# J.c higgins colorflow and other weekend goodies



## charliechaindrive (Apr 28, 2013)

Got this poor old gal on saturday,  followed me home for 50$.    there's decent original paint hiding under the old house paint,  but unfortunately the frame itself is banana'd so I think she'll just be a parts donor.  the beehive is already disassembled and the first round of straightening has begun.  Currently I'm trying to call in a favor from a friend of a friend,  who's wife works at a chrome shop,  to get the spring and a few other bits redone.  




I also scored this used front wheel with a sturmy archer dynamo hub



A new old stock rear wheel with sachs drum brake mountain bike hub,  going on my klunker



Today I think I got my favorite thing yet,  a pre skirt indian roadmaster fender. 

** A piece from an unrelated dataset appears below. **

(* Let $\Pi_{i\in 1..n} S_i$ be a program of the source language and let $\mathcal C$ be the set of channels occurring in it. Then $$\Pi_{i\in 1..n} S_i \;\sim\; \Pi_{c\in\mathcal C}\odot_c \;|\; \Pi_{i\in 1..n}\widehat{S_i},$$ where $\sim$ is the largest relation between programs and machine states such that $\mathcal P\sim\sigma$ implies all of: (Correspondence) $\sigma\to^\star\sigma'$ for some $\sigma'$ with $\ulcorner\mathcal P\urcorner=\ulcorner\sigma'\urcorner$; (Safety) whenever $\sigma\to\sigma'$, there is $\mathcal P'$ with $\mathcal P\to^\star\mathcal P'$ and $\mathcal P'\sim\sigma'$; (Progress) whenever $\mathcal P$ can reduce (i.e. $\mathcal P\to\mathcal Q$ for some $\mathcal Q$), there are $\sigma'$ and $\mathcal P'$ with $\sigma\to^+\sigma'$, $\mathcal P\to\mathcal P'$ and $\mathcal P'\sim\sigma'$.
   Context: Source language. Actions $\alpha,\beta$ are of the form $c$ (input on channel $c$) or $\overline c$ (output on channel $c$). A program is a parallel composition $S_1\,|\,\dots\,|\,S_n$ where each $S_i$ is either an action $\alpha$ or $\mathsf{select}(\vec\alpha)$ for a finite list of actions $\vec\alpha$. Program reduction $\to$ is generated by the single rule: if $c\in\vec\alpha$ and $\overline c\in\vec\beta$ then $\mathsf{select}(\vec\alpha)\,|\,\mathsf{select}(\vec\beta)\to c\,|\,\overline c$, closed under the usual structural rules for parallel composition (commutativity, associativity, reduction inside a parallel context); actions themselves do not reduce. Abstract machine. States are $\sigma::=\sigma\,|\,\sigma' \mid (\nu p)\,\sigma \mid \varsigma$, where $\varsigma$ is a sub-state of one of the following forms. Point sub-states: $p\mapsto\alpha$ (unmatched), $\mathsf{Candidate}_p$ (matched), $\alpha$ (married/released action). Channel sub-states: $\odot_c$ (free), $\mathsf{Match}_c(p,q)$ (busy). Synchronizer sub-states: $\Box_s$ (open), $\boxtimes_s$ (closed), $\mathsf{Select}_s(p)$, $\mathsf{Reject}(p)$, $\mathsf{Done}_s(p)$, $\mathsf{Retry}_s$. Here $p,q$ range over point names, $c$ over channels, and a synchronizer $s$ is a finite partial function from points to actions, also written (and usable as a state) as the parallel composition of its bindings $p\mapsto\alpha$; distinct synchronizers have disjoint domains. Transitions $\to$ are given by the following rules, closed under the usual pi-calculus structural rules for parallel composition and name restriction (commutativity/associativity of $|$, scope extrusion, $\alpha$-renaming, and reduction under $|$ and $\nu$): (I) $p\mapsto c\,|\,q\mapsto\overline c\,|\,\odot_c\to\mathsf{Candidate}_p\,|\,\mathsf{Candidate}_q\,|\,\mathsf{Match}_c(p,q)$; (II.i) if $p\in\mathrm{dom}(s)$: $\mathsf{Candidate}_p\,|\,\Box_s\to\boxtimes_s\,|\,\mathsf{Select}_s(p)$; (II.ii) if $p\in\mathrm{dom}(s)$: $\mathsf{Candidate}_p\,|\,\boxtimes_s\to\boxtimes_s\,|\,\mathsf{Reject}(p)$; (III.i) $\mathsf{Select}_s(p)\,|\,\mathsf{Select}_{s'}(q)\,|\,\mathsf{Match}_c(p,q)\to\mathsf{Done}_s(p)\,|\,\mathsf{Done}_{s'}(q)\,|\,\odot_c$; (III.ii) $\mathsf{Select}_s(p)\,|\,\mathsf{Reject}(q)\,|\,\mathsf{Match}_c(p,q)\to\mathsf{Retry}_s\,|\,\odot_c$; (III.iii) $\mathsf{Reject}(p)\,|\,\mathsf{Select}_s(q)\,|\,\mathsf{Match}_c(p,q)\to\mathsf{Retry}_s\,|\,\odot_c$; (III.iv) $\mathsf{Reject}(p)\,|\,\mathsf{Reject}(q)\,|\,\mathsf{Match}_c(p,q)\to\odot_c$; (IV.i) if $s(p)=\alpha$: $\mathsf{Done}_s(p)\to\alpha$; (IV.ii) if $\mathrm{dom}(s)=\vec p$: $\mathsf{Retry}_s\to(\nu\vec p)(\Box_s\,|\,s)$. Compilation. For a program $S$ component: $\widehat\alpha=\alpha$, and $\widehat{\mathsf{select}(\vec{\alpha_j})}=(\nu\vec{p_j})(\Box_s\,|\,s)$ where $s=\Pi_j(p_j\mapsto\alpha_j)$ for fresh point names $\vec{p_j}$. The program $\Pi_{i\in1..n}S_i$ with channel set $\mathcal C$ compiles to $\Pi_{c\in\mathcal C}\odot_c\,|\,\Pi_{i\in1..n}\widehat{S_i}$. Denotations are multisets of actions: $\ulcorner S_1|\dots|S_n\urcorner=\ulcorner S_1\urcorner\uplus\dots\uplus\ulcorner S_n\urcorner$, $\ulcorner\alpha\urcorner=[\alpha]$, $\ulcorner\mathsf{select}(\vec\alpha)\urcorner=[]$; $\ulcorner\sigma|\sigma'\urcorner=\ulcorner\sigma\urcorner\uplus\ulcorner\sigma'\urcorner$, $\ulcorner(\nu p)\sigma\urcorner=\ulcorner\sigma\urcorner$, and for a sub-state $\ulcorner\varsigma\urcorner=[\alpha]$ if $\varsigma$ is an action $\alpha$ and $[]$ otherwise (in particular bindings $p\mapsto\alpha$ contribute nothing). $\to^\star$ and $\to^+$ denote reflexive-transitive and transitive closure. *)

From Stdlib Require Import List Permutation Arith.
Import ListNotations.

The best part is,  I scored the sturmy and  sachs wheels,  and the indian fender for free!  

Ccd


----------



## decotriumph (Apr 29, 2013)

*Nice!*

Pretty cool stuff there. And the price was right on the freebies.


----------



## m_fumich (Apr 30, 2013)

*serial number*

..........


----------



## tanno (Apr 30, 2013)

*Nice indian fender! Is it for sale???*



charliechaindrive said:


> Got this poor old gal on saturday,  followed me home for 50$.    there's decent original paint hiding under the old house paint,  but unfortunately the frame itself is banana'd so I think she'll just be a parts donor.  the beehive is already disassembled and the first round of straightening has begun.  Currently I'm trying to call in a favor from a friend of a friend,  who's wife works at a chrome shop,  to get the spring and a few other bits redone.
> 
> 
> 
> ...




Is your Indian fender for sale??


----------



## charliechaindrive (May 4, 2013)

*S/n incoming*



m_fumich said:


> ..........





As follows
 MOS-P MOD502 276
110497
Nickinator allready guesstamated it at a 50-51 model because of the rack scripts

Ccd


----------



## Adamtinkerer (May 4, 2013)

"MOS-P", P stands for 1950.


----------